**WHAT IS BEING ASKED**: Please restate, word for word, the lines below that begin at the one with "Lemma mixed_missing (M" and end at the one with "rewrite (excess_setID A". Leave out all other lines.

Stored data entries
════════════════════

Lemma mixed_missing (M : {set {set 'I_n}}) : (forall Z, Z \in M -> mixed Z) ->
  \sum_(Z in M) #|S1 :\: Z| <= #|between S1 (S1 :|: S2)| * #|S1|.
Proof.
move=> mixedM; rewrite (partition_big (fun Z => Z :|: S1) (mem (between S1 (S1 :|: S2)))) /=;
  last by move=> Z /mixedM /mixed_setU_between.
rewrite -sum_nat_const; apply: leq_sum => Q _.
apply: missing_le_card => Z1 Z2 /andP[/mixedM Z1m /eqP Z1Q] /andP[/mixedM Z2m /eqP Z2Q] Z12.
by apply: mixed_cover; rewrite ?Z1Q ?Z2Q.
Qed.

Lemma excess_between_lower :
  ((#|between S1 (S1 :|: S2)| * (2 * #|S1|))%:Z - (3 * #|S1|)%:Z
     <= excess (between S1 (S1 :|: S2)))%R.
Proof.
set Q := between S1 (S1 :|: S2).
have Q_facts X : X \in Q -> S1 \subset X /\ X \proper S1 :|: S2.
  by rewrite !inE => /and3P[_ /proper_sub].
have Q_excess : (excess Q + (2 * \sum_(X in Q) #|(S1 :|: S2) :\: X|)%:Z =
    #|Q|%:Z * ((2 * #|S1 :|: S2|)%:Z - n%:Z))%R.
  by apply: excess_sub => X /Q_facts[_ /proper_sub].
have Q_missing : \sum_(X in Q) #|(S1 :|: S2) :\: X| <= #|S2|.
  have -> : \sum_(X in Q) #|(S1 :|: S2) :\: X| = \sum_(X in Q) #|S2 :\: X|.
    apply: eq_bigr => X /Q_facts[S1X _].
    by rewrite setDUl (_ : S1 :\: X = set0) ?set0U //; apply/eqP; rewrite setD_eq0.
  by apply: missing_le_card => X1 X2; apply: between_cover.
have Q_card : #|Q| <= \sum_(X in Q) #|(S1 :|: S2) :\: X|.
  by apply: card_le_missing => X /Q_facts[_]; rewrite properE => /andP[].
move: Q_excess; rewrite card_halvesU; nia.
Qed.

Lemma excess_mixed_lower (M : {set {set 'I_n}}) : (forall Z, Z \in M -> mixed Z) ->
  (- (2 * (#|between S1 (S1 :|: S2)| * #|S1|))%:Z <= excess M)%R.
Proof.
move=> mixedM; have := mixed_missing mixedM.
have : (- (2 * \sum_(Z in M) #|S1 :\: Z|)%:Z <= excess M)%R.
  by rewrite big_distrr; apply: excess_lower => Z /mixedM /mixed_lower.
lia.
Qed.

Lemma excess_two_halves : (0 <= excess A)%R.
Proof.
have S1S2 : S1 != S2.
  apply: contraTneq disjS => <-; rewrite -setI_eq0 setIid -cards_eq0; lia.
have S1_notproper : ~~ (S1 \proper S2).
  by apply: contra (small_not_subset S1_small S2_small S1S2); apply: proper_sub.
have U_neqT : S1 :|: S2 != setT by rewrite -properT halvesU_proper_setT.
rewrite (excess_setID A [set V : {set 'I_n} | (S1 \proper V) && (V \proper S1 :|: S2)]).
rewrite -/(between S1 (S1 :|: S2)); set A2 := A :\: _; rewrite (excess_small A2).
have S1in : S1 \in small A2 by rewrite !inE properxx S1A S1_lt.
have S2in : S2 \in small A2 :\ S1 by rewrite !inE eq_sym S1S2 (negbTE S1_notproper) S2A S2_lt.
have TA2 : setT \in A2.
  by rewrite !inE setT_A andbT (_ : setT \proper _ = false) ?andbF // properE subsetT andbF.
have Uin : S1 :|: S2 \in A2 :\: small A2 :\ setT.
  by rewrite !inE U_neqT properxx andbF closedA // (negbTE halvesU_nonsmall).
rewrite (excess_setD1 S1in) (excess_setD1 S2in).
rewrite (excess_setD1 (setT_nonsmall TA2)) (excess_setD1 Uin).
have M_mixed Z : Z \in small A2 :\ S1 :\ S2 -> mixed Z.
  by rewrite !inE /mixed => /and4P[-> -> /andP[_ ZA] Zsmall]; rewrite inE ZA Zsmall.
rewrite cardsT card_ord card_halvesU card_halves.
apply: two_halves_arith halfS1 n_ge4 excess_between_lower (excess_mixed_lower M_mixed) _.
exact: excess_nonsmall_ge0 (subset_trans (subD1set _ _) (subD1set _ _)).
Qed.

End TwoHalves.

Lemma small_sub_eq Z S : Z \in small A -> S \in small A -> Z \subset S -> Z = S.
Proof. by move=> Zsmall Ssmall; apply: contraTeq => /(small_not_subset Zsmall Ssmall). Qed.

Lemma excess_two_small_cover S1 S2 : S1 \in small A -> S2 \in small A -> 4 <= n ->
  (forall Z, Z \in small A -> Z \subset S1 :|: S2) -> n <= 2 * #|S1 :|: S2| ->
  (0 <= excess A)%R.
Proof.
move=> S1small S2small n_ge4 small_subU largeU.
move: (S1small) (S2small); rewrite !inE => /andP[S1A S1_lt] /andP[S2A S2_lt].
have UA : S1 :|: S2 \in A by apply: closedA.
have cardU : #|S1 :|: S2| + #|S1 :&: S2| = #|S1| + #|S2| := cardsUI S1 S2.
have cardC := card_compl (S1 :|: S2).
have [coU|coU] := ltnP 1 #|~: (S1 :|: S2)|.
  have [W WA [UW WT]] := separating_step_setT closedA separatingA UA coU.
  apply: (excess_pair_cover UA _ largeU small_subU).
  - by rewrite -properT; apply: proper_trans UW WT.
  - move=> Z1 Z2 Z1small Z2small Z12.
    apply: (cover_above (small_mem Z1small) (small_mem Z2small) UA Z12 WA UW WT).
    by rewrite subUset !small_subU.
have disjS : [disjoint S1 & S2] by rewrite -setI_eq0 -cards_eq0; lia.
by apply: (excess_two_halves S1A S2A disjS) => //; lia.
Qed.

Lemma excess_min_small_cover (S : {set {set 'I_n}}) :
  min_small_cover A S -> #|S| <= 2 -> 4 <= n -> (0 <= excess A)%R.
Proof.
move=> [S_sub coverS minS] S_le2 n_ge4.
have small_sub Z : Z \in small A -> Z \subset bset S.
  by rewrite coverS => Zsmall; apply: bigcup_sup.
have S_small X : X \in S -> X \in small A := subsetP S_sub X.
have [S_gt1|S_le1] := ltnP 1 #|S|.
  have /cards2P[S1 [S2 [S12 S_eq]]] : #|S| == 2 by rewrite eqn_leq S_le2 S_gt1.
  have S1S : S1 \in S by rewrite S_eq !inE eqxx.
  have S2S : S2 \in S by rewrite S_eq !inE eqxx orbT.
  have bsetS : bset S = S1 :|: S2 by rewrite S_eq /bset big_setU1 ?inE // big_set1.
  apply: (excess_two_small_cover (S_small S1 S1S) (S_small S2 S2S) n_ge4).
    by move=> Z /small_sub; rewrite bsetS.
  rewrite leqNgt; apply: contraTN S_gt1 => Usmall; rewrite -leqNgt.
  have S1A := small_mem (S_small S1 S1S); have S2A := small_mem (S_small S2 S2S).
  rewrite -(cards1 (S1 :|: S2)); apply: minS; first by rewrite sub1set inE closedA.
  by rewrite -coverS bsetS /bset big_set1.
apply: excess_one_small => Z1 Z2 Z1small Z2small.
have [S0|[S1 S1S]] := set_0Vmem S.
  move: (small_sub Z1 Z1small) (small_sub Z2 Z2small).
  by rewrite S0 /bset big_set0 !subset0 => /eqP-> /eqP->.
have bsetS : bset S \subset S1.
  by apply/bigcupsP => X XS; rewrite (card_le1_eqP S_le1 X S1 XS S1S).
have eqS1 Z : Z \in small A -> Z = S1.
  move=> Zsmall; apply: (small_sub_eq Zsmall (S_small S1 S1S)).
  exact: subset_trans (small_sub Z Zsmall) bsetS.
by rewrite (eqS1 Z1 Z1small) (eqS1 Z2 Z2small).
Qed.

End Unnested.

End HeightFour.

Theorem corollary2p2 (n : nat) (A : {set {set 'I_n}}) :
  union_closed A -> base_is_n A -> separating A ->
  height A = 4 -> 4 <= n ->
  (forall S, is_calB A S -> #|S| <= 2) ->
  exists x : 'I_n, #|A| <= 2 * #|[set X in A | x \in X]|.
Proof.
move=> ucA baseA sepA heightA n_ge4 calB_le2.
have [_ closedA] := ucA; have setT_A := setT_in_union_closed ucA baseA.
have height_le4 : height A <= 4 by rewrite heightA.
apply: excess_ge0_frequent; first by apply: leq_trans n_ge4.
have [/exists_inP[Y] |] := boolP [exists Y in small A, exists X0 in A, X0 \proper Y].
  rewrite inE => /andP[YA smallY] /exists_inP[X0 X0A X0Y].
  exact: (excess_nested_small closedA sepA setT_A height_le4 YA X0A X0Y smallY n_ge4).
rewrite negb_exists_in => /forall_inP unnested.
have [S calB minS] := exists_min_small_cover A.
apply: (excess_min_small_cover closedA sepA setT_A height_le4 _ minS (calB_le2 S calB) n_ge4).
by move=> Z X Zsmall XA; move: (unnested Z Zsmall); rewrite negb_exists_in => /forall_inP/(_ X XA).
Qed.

════════════════════

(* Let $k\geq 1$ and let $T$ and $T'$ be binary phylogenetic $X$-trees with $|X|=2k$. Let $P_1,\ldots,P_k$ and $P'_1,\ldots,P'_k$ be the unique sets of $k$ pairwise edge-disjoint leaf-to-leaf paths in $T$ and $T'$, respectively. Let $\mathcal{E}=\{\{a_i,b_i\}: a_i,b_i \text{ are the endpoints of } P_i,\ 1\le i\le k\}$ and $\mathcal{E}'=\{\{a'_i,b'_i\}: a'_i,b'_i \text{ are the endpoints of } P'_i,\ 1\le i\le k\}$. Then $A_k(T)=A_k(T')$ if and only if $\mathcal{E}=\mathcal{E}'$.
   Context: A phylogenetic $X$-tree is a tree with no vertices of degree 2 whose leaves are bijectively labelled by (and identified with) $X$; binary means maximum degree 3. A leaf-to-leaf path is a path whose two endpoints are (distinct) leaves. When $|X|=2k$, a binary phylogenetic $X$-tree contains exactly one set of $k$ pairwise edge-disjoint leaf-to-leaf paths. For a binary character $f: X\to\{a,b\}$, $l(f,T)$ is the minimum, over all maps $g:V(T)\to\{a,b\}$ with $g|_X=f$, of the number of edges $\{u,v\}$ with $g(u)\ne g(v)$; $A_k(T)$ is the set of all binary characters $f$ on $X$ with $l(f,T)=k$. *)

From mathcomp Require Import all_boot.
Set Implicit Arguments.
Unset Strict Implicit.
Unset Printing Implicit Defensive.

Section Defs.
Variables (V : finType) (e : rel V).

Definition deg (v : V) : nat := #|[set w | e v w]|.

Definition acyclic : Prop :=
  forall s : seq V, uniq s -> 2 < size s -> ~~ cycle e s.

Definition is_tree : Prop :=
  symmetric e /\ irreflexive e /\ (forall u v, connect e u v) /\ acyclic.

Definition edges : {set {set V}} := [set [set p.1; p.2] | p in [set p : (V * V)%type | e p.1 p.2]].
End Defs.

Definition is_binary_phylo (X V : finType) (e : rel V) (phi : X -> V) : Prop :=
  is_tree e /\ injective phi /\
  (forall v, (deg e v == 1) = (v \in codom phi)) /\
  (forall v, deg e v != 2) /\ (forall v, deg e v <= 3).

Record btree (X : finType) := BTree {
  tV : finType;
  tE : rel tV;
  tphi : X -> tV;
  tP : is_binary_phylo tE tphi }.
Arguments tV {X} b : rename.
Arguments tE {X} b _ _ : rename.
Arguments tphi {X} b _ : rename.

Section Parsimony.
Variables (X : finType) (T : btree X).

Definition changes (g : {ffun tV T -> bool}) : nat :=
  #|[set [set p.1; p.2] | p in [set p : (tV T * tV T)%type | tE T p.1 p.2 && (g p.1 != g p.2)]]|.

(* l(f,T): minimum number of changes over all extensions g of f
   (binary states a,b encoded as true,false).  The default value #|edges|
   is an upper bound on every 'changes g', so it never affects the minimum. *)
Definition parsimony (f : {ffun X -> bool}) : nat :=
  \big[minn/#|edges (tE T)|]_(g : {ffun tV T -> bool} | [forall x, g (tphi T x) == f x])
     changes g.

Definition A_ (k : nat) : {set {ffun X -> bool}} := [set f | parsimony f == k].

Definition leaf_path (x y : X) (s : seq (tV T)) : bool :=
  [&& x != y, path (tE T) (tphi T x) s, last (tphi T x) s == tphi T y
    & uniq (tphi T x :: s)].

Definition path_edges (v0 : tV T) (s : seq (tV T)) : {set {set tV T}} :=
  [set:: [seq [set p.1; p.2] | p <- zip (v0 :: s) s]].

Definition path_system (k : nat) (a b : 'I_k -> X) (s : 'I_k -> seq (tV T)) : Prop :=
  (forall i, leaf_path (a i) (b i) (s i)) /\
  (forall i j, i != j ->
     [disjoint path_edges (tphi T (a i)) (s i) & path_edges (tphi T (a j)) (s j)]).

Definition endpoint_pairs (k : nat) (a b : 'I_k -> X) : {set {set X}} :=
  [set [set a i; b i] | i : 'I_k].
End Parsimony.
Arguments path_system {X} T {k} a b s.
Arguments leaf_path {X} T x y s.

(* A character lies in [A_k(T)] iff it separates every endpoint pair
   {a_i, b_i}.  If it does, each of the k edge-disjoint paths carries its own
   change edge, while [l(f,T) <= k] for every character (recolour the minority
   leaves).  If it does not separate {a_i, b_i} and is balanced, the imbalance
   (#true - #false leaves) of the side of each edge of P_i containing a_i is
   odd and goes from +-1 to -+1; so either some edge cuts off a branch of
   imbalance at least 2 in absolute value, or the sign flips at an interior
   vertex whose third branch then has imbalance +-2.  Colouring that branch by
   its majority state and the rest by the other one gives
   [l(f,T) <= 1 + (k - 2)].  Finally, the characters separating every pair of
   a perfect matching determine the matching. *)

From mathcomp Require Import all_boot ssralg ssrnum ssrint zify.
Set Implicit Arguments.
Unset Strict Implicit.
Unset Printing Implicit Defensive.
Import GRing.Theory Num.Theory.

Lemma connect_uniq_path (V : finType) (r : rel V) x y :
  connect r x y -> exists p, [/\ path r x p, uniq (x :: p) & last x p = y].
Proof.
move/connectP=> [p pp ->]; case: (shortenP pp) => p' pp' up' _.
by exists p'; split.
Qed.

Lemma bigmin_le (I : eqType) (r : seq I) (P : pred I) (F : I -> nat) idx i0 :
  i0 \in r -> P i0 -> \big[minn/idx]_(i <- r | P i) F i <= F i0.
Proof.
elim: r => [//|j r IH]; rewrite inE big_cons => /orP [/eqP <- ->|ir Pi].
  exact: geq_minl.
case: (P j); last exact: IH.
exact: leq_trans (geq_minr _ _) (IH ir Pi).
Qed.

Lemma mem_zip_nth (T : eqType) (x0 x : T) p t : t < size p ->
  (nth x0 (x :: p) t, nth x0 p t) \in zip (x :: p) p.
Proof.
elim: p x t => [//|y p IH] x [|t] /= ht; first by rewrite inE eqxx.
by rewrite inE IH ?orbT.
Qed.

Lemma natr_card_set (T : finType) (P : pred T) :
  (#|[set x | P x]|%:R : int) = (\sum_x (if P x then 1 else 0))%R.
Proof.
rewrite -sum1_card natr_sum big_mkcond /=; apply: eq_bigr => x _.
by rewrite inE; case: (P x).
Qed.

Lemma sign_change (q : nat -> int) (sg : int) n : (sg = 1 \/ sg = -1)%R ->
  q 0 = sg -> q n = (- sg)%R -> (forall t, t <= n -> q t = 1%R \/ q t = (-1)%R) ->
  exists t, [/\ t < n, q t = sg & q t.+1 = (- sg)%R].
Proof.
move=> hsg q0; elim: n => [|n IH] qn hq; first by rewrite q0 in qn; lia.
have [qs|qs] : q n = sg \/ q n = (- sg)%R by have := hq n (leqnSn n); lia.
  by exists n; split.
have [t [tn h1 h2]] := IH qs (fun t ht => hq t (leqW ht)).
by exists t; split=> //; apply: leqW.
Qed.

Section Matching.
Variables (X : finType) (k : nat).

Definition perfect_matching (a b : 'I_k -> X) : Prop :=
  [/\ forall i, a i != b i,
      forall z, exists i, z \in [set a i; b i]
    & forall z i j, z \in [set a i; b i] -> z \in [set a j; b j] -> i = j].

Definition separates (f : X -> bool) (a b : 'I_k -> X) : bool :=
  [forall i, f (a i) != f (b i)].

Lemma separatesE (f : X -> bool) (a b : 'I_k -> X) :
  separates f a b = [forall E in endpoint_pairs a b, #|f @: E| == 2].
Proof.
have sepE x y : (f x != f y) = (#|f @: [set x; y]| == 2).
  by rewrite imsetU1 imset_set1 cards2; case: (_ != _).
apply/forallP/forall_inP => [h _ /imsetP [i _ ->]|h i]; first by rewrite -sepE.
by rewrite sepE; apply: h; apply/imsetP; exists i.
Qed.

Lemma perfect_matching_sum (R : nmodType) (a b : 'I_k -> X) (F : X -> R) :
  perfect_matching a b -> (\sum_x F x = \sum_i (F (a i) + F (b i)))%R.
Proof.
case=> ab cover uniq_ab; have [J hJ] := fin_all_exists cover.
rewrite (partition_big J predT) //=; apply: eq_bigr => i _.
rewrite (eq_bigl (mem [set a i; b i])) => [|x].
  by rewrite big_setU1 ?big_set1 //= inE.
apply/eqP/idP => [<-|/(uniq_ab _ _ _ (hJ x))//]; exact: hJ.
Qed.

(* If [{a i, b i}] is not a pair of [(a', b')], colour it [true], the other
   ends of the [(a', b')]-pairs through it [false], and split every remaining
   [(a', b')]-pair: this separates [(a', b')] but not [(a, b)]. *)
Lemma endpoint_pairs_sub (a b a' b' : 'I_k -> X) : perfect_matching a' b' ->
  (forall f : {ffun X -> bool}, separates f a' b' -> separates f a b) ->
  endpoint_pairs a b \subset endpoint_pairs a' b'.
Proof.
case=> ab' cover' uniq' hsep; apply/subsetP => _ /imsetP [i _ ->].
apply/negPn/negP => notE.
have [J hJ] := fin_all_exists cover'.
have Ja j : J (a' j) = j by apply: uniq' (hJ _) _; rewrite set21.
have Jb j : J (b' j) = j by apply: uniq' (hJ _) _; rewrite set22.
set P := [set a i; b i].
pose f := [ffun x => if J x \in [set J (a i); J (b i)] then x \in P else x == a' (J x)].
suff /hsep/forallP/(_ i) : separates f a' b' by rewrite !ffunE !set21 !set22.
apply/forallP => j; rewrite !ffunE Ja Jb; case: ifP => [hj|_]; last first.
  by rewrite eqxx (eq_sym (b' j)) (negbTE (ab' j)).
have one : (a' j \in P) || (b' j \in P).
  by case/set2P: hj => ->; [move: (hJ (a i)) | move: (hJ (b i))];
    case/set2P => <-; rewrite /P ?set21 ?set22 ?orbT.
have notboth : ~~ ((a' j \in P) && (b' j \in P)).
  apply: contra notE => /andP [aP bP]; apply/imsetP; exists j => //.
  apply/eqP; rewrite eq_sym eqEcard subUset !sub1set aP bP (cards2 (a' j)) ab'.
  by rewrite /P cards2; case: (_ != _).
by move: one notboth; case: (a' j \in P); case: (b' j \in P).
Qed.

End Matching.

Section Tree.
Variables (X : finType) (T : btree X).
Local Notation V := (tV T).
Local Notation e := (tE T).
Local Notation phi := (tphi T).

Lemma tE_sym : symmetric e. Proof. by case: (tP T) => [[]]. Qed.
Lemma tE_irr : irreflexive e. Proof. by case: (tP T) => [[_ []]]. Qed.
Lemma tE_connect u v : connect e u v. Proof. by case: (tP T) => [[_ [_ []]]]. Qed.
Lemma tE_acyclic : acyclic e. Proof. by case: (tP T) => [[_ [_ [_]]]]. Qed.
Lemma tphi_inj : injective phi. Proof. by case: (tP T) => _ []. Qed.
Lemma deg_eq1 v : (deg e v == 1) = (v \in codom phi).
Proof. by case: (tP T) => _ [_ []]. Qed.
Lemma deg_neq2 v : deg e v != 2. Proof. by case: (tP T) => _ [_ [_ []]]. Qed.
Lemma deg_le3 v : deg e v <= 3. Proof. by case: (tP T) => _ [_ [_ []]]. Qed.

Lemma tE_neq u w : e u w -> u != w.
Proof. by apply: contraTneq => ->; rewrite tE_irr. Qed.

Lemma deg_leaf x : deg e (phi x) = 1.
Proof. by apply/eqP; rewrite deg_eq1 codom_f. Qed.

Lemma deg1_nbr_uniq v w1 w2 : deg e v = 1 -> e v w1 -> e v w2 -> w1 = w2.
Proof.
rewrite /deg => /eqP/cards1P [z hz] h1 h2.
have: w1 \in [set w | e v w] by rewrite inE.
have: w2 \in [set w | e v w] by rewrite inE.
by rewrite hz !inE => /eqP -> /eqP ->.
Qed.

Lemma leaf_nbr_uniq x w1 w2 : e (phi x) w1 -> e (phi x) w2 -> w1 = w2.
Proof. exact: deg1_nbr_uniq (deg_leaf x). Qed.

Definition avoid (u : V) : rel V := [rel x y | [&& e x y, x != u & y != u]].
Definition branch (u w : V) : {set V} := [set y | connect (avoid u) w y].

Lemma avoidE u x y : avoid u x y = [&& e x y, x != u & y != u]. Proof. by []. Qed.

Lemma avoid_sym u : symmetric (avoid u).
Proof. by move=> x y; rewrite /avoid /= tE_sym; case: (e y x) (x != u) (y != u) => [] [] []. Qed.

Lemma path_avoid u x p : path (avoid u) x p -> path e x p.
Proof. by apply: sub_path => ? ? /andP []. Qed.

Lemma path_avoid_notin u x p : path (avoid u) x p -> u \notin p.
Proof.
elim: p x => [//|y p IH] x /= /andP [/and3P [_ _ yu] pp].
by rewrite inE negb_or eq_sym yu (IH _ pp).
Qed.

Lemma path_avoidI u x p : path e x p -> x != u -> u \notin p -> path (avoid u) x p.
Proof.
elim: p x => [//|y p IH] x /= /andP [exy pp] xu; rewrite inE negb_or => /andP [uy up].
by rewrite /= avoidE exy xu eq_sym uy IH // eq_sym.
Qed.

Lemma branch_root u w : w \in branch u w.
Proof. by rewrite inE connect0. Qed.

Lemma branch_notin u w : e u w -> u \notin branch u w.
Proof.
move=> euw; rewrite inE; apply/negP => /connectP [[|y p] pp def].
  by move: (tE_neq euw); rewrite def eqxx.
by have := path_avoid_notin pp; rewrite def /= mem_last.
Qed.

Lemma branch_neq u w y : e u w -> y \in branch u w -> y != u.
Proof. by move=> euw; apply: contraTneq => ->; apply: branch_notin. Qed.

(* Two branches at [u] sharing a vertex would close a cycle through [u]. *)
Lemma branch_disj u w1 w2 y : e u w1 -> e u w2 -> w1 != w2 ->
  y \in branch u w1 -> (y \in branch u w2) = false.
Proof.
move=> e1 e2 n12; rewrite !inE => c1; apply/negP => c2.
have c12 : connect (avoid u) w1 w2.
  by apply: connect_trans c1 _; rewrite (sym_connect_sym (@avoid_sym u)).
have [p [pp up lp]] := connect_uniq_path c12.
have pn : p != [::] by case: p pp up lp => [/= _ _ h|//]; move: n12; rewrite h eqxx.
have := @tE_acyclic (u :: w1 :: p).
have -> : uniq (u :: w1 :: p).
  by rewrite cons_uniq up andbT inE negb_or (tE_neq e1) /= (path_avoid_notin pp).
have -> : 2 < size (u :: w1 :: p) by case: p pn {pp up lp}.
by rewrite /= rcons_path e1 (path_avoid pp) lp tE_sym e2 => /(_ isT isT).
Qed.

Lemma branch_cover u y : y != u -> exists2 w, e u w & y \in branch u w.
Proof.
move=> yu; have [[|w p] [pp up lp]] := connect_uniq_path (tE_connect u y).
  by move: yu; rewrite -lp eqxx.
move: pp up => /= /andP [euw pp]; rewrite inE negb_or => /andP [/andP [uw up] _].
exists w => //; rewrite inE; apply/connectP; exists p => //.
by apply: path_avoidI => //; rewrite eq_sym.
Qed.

════════════════════

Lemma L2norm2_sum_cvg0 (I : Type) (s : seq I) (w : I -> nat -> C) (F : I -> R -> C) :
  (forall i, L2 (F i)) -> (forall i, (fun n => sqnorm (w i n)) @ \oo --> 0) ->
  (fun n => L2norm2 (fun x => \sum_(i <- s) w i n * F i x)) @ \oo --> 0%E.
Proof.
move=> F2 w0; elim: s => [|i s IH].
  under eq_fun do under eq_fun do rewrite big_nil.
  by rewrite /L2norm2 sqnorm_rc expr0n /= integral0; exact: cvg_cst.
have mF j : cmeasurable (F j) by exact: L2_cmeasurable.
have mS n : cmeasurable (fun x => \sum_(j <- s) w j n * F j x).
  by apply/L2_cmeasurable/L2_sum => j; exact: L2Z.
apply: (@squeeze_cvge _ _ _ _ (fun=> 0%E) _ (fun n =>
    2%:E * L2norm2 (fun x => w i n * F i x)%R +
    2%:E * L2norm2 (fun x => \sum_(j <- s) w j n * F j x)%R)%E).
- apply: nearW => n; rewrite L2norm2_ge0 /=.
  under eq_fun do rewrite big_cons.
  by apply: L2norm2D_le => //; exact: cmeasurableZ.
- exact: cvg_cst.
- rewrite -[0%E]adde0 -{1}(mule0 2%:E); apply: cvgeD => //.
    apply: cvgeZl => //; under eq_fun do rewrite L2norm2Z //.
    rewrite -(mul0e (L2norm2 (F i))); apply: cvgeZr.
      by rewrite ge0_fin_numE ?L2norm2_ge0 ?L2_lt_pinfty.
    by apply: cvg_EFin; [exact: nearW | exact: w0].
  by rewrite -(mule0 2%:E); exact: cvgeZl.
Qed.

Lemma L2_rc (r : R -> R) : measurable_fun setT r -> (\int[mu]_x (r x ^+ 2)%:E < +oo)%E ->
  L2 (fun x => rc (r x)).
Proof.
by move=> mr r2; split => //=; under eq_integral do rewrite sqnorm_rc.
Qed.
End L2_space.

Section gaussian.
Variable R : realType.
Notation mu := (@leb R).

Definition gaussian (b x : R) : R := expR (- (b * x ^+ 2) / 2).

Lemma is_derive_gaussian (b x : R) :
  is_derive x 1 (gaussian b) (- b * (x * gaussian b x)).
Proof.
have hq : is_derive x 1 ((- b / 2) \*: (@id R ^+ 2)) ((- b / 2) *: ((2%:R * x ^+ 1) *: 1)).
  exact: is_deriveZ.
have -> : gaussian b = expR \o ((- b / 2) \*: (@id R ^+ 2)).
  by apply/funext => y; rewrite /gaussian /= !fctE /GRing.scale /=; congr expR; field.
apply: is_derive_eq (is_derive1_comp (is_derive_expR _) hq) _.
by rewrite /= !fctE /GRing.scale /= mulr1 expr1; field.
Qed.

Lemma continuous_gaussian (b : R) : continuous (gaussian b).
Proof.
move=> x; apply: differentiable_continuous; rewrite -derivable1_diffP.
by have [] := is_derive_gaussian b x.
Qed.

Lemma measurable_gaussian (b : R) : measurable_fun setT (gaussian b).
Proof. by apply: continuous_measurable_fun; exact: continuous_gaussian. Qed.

════════════════════

**YOUR SOLUTION**:
Lemma mixed_missing (M : {set {set 'I_n}}) : (forall Z, Z \in M -> mixed Z) ->
  \sum_(Z in M) #|S1 :\: Z| <= #|between S1 (S1 :|: S2)| * #|S1|.
Proof.
move=> mixedM; rewrite (partition_big (fun Z => Z :|: S1) (mem (between S1 (S1 :|: S2)))) /=;
  last by move=> Z /mixedM /mixed_setU_between.
rewrite -sum_nat_const; apply: leq_sum => Q _.
apply: missing_le_card => Z1 Z2 /andP[/mixedM Z1m /eqP Z1Q] /andP[/mixedM Z2m /eqP Z2Q] Z12.
by apply: mixed_cover; rewrite ?Z1Q ?Z2Q.
Qed.

Lemma excess_between_lower :
  ((#|between S1 (S1 :|: S2)| * (2 * #|S1|))%:Z - (3 * #|S1|)%:Z
     <= excess (between S1 (S1 :|: S2)))%R.
Proof.
set Q := between S1 (S1 :|: S2).
have Q_facts X : X \in Q -> S1 \subset X /\ X \proper S1 :|: S2.
  by rewrite !inE => /and3P[_ /proper_sub].
have Q_excess : (excess Q + (2 * \sum_(X in Q) #|(S1 :|: S2) :\: X|)%:Z =
    #|Q|%:Z * ((2 * #|S1 :|: S2|)%:Z - n%:Z))%R.
  by apply: excess_sub => X /Q_facts[_ /proper_sub].
have Q_missing : \sum_(X in Q) #|(S1 :|: S2) :\: X| <= #|S2|.
  have -> : \sum_(X in Q) #|(S1 :|: S2) :\: X| = \sum_(X in Q) #|S2 :\: X|.
    apply: eq_bigr => X /Q_facts[S1X _].
    by rewrite setDUl (_ : S1 :\: X = set0) ?set0U //; apply/eqP; rewrite setD_eq0.
  by apply: missing_le_card => X1 X2; apply: between_cover.
have Q_card : #|Q| <= \sum_(X in Q) #|(S1 :|: S2) :\: X|.
  by apply: card_le_missing => X /Q_facts[_]; rewrite properE => /andP[].
move: Q_excess; rewrite card_halvesU; nia.
Qed.

Lemma excess_mixed_lower (M : {set {set 'I_n}}) : (forall Z, Z \in M -> mixed Z) ->
  (- (2 * (#|between S1 (S1 :|: S2)| * #|S1|))%:Z <= excess M)%R.
Proof.
move=> mixedM; have := mixed_missing mixedM.
have : (- (2 * \sum_(Z in M) #|S1 :\: Z|)%:Z <= excess M)%R.
  by rewrite big_distrr; apply: excess_lower => Z /mixedM /mixed_lower.
lia.
Qed.

Lemma excess_two_halves : (0 <= excess A)%R.
Proof.
have S1S2 : S1 != S2.
  apply: contraTneq disjS => <-; rewrite -setI_eq0 setIid -cards_eq0; lia.
have S1_notproper : ~~ (S1 \proper S2).
  by apply: contra (small_not_subset S1_small S2_small S1S2); apply: proper_sub.
have U_neqT : S1 :|: S2 != setT by rewrite -properT halvesU_proper_setT.
rewrite (excess_setID A [set V : {set 'I_n} | (S1 \proper V) && (V \proper S1 :|: S2)]).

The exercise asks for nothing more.